(Source records begins)

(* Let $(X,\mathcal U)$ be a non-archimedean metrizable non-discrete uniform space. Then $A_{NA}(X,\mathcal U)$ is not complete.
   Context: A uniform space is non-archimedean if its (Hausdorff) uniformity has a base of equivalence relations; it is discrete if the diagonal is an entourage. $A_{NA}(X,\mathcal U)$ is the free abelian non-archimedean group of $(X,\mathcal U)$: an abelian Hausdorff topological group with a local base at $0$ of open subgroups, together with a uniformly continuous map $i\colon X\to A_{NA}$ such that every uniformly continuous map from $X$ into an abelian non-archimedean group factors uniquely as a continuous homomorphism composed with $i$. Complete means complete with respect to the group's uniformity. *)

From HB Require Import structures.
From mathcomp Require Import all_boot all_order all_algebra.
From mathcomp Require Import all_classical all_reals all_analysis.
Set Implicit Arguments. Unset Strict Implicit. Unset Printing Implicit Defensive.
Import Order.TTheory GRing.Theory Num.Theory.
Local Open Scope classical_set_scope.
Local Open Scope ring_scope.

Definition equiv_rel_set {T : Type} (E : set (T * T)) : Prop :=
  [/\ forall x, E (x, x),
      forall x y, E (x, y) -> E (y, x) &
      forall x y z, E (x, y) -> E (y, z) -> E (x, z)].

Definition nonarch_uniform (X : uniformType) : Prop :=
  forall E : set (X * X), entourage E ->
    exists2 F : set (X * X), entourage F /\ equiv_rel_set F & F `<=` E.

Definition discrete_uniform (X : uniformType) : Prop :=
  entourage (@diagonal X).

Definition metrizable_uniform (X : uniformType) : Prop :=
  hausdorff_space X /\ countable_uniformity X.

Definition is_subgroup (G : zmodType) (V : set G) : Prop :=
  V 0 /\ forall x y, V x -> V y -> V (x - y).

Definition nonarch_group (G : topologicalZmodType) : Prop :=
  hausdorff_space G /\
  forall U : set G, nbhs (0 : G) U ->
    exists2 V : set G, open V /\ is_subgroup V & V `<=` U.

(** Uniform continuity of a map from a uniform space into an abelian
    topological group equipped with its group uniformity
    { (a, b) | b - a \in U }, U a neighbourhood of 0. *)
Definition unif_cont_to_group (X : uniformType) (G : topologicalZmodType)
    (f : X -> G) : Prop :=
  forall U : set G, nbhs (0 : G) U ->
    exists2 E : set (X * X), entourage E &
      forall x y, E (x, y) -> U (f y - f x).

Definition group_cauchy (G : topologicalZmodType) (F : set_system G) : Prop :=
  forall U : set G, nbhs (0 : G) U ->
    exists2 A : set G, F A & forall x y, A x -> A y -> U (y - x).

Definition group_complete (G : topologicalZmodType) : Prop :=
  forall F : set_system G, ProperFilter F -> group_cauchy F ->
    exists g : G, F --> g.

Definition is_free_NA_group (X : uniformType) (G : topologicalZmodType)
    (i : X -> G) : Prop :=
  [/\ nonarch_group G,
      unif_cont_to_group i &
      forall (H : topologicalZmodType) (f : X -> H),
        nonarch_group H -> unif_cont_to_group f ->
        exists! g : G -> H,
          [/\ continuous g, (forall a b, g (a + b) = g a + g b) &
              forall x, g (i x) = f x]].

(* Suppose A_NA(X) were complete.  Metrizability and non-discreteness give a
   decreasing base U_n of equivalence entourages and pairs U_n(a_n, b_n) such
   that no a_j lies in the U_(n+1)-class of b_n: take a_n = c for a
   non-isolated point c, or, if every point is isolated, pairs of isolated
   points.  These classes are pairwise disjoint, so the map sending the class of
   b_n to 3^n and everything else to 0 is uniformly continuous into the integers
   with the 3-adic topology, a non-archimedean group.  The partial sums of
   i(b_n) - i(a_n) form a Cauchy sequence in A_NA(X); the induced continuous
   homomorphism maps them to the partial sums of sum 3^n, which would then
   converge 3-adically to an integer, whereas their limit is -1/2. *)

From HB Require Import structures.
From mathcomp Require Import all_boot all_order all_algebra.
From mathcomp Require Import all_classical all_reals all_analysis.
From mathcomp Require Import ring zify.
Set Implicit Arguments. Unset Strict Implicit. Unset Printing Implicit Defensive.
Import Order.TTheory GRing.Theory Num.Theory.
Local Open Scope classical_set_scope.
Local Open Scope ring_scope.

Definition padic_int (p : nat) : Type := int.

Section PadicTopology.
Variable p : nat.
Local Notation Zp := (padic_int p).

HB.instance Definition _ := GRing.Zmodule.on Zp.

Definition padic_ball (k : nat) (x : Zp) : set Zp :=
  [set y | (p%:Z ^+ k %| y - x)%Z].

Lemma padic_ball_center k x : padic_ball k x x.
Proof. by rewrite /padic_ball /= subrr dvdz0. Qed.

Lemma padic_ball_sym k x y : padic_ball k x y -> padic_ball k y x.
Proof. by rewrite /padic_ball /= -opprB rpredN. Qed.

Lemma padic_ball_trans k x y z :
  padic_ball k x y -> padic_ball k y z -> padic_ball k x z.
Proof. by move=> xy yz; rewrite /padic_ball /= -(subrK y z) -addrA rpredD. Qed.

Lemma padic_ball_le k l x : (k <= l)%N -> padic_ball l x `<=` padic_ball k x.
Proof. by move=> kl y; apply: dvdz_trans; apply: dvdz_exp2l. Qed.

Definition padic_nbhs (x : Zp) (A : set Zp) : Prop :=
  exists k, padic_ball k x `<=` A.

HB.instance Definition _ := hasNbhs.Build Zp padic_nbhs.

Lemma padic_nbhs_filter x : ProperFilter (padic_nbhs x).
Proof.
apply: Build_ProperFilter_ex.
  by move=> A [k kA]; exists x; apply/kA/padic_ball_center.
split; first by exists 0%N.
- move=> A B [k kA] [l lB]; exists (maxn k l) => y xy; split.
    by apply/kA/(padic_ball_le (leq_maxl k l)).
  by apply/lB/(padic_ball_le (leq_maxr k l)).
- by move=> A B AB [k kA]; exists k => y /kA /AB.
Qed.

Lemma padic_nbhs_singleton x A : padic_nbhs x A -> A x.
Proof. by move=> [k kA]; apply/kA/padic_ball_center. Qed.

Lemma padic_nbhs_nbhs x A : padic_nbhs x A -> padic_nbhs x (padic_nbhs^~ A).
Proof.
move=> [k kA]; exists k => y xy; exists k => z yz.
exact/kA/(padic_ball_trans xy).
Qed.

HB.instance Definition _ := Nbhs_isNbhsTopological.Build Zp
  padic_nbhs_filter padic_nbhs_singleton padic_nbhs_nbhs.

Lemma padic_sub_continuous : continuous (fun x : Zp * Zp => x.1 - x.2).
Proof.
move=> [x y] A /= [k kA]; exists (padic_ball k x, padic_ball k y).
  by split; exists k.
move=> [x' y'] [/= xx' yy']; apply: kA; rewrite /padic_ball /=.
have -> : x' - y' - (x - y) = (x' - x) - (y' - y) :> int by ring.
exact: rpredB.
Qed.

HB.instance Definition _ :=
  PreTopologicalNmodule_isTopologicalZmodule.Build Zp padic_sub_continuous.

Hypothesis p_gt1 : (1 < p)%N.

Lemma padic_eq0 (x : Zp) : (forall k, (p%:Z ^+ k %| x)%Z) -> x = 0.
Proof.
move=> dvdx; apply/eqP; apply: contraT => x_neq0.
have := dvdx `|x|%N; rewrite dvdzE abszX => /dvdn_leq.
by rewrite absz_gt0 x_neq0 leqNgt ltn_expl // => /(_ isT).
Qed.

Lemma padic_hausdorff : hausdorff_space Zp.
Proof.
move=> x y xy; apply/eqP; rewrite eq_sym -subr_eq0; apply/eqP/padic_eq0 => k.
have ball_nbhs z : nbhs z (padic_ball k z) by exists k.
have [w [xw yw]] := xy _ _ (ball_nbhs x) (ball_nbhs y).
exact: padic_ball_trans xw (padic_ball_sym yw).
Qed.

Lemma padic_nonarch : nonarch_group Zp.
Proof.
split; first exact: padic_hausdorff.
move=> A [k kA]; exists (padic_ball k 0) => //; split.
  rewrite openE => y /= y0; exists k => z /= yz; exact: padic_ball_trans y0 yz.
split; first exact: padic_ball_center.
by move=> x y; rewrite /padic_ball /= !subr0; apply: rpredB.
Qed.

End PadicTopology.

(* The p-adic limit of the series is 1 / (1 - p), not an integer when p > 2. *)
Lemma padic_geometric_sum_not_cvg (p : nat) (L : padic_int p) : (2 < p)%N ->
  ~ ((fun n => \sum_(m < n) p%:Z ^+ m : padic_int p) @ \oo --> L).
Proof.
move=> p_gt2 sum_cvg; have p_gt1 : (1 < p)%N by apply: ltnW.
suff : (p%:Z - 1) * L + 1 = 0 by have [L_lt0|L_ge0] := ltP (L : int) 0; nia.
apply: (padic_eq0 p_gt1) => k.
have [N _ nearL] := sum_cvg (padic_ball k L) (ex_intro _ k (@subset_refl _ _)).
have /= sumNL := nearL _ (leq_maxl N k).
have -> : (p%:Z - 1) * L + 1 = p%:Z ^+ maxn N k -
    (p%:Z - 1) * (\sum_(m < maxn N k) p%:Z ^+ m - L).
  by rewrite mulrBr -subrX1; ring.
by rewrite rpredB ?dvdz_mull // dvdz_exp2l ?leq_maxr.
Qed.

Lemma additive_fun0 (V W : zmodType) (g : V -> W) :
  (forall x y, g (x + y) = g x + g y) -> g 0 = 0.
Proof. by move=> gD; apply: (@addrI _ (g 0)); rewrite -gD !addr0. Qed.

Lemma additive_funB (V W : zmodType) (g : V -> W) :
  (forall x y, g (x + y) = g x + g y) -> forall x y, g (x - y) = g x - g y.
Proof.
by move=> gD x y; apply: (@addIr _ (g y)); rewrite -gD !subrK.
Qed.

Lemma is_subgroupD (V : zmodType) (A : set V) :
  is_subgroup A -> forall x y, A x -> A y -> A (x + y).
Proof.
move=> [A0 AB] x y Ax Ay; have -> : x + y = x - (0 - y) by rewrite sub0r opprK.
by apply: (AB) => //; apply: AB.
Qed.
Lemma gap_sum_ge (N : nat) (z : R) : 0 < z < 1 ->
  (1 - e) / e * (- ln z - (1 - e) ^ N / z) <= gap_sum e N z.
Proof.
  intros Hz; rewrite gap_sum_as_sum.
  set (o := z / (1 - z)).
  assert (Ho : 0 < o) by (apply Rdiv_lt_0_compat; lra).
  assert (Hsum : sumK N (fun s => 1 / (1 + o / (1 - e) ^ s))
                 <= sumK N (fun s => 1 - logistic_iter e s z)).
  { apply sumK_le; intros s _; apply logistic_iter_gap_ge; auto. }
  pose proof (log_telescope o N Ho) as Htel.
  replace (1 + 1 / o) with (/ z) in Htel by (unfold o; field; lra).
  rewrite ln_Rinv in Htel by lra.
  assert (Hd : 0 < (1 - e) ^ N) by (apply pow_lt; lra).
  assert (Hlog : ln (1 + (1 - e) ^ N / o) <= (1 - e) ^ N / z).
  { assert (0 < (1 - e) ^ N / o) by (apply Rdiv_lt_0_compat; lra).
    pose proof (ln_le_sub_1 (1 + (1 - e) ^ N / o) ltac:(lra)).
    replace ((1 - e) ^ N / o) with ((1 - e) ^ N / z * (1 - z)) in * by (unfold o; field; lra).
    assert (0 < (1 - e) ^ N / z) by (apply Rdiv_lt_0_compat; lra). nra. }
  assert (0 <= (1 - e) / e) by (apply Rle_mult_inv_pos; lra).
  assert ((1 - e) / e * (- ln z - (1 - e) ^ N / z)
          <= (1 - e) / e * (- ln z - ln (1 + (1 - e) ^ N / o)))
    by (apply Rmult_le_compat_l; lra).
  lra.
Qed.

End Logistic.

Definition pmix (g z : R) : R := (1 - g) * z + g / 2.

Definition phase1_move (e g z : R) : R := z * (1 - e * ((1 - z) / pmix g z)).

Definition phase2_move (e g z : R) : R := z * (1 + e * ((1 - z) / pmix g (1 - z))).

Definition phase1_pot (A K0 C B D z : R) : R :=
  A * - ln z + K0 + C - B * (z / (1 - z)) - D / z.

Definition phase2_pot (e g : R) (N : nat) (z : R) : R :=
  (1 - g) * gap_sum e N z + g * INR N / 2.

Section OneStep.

(Source records ends)

| Task details |
Copy only the stretch running from the line containing "<= (1 - e) / e * (- ln" to the final line of the entries, both ends included, exactly as it stands.

| Completed task |
          <= (1 - e) / e * (- ln z - ln (1 + (1 - e) ^ N / o)))
    by (apply Rmult_le_compat_l; lra).
  lra.
Qed.

End Logistic.

Definition pmix (g z : R) : R := (1 - g) * z + g / 2.

Definition phase1_move (e g z : R) : R := z * (1 - e * ((1 - z) / pmix g z)).

Definition phase2_move (e g z : R) : R := z * (1 + e * ((1 - z) / pmix g (1 - z))).

Definition phase1_pot (A K0 C B D z : R) : R :=
  A * - ln z + K0 + C - B * (z / (1 - z)) - D / z.

Definition phase2_pot (e g : R) (N : nat) (z : R) : R :=
  (1 - g) * gap_sum e N z + g * INR N / 2.

Section OneStep.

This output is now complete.